On Day 1 of this course, sitting in a huge auditorium amidst 60-70 other students, I was eager to see the kind of tone that the Professor was going to set. Was this going to be a series of platitudes about star performers? Since the reading material for the course was his own book, would this course just be an advertisement for his book? Or, was it going to be something else? Well, 20 minutes into the session, I knew the answer. He started off with a quiz on star performers vs. average performers. He asked us to answer True/False to a series of statements. Statements such as, “Star performers have higher IQs than average performers.” “Star performers have better innate leadership qualities,” etc. Once we took the quiz, he blindsided us with something. He said that all those statements were false! Amidst a bunch of “what the heck” responses from students, he said something that changed me as a professional forever. What separates star performers from the rest is not what they have but how they use what they have. Pause to read that line again since my entire write-up is a tribute to Professor Kelley for having come up with that. This was the set up for a discussion of the “star performer model” where he listed a set of important traits and behaviors that star performers excel in, such as taking initiative, building a knowledge network and engaging in self-management. The fact that he created this model based on extensive research at companies such as AT&T, 3M and Hewlett Packard also gave me the confidence that he did not pluck these out of thin air and instead, these were observed behaviors of star performers.

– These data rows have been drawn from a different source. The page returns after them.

From HB Require Import structures.
From mathcomp Require Import all_boot all_order all_algebra.
From mathcomp Require Import all_classical all_reals all_analysis.
From mathcomp Require Import ring lra.
Import Order.TTheory GRing.Theory Num.Theory.
Local Open Scope ring_scope.
Set Implicit Arguments.
Unset Strict Implicit.

(* Write [dP u] for the distance from P to [(u, 0)].  A_0 always delivers by
   time [dP 0 + 1], while any algorithm has ratio at least A(1) / Opt(1); so an
   algorithm beating A_0 picks up the package of a starter failing at [t = 1]
   at some time [s1 < dP 0 + 1], and in particular never visits S before [s1].
   If that pick-up is at T, a starter failing at a point [u] not visited before
   [s1] costs [s1 + 2 (1 - u)]; as [(1 - u) / Opt u] decreases in [u], the
   ratio forced at an unvisited [u <= t] just below the visited points
   dominates the ratio of A_1 at [t] (P far from T) or of A_d (P near T).
   Otherwise P is near T and the pick-up is at a point [s1 >= d] of the
   segment, so a starter failing at [t < d] makes the finisher come back from
   [s1] to [t], which again dominates the ratio of A_d. *)

Section RealFacts.
Variable R : realType.
Local Open Scope classical_set_scope.
Implicit Types a b t N Kt Ku : R.

Lemma le_of_sqr_le a b : 0 <= b -> a ^+ 2 <= b ^+ 2 -> a <= b.
Proof. move=> b0 h; nra. Qed.

Lemma lt_of_sqr_lt a b : 0 <= b -> a ^+ 2 < b ^+ 2 -> a < b.
Proof. move=> b0 h; nra. Qed.

Lemma min_lipschitz a b t : `|Num.min a t - Num.min b t| <= `|a - b|.
Proof.
have ab := ler_norm (a - b); have ba := ler_norm (b - a); rewrite distrC in ba.
rewrite ler_norml.
by case: (lerP a t) => h1; case: (lerP b t) => h2;
  rewrite ?(min_l h1) ?(min_r (ltW h1)) ?(min_l h2) ?(min_r (ltW h2));
  apply/andP; split; lra.
Qed.

Lemma div_le_shift N a b Kt Ku : 0 < Kt -> 0 < Ku ->
  N <= Kt + a -> a * Ku <= b * Kt -> N / Kt <= (Ku + b) / Ku.
Proof.
move=> Kt0 Ku0 NK ab; rewrite ler_pdivrMr // mulrAC ler_pdivlMr //.
have : N * Ku <= (Kt + a) * Ku by rewrite ler_wpM2r // ltW.
nra.
Qed.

Today (as of Dec 2013), having worked for nearly five years after business school, I can reflect on my career pre-MBA (my five years as a software engineer) vis-à-vis post-MBA and state that the years after my MBA have been more fulfilling and rewarding. The ghosts of self-doubt that had seeped into me during my years of high school had only been partly exorcised during my initial successful years as a student in the US. Kelley’s course really was the starting point for me to get rid of the residue! Through his chapters on taking initiative and building a knowledge network, he convinced me that I had it in me – just like anyone else – to engage in certain behaviors and transform myself into a star performer. In other words, the one that had to truly make me feel empowered was not my manager (though a supportive manager helps!) but really, myself. In the past five years, a lot of the successes that I have had have been a result of following some of the sound pieces of advice that he has provided in his book. Though I don’t consider myself a star performer yet, I know that I will feel a sense of accomplishment just in my attempt to become one.
I am 32 years old. And, I have many more years as a professional to come. And, in those years, one thing that I will look to as a feedback loop of sorts is Professor Kelley’s book. Just in case any demons stop by to say, Hello!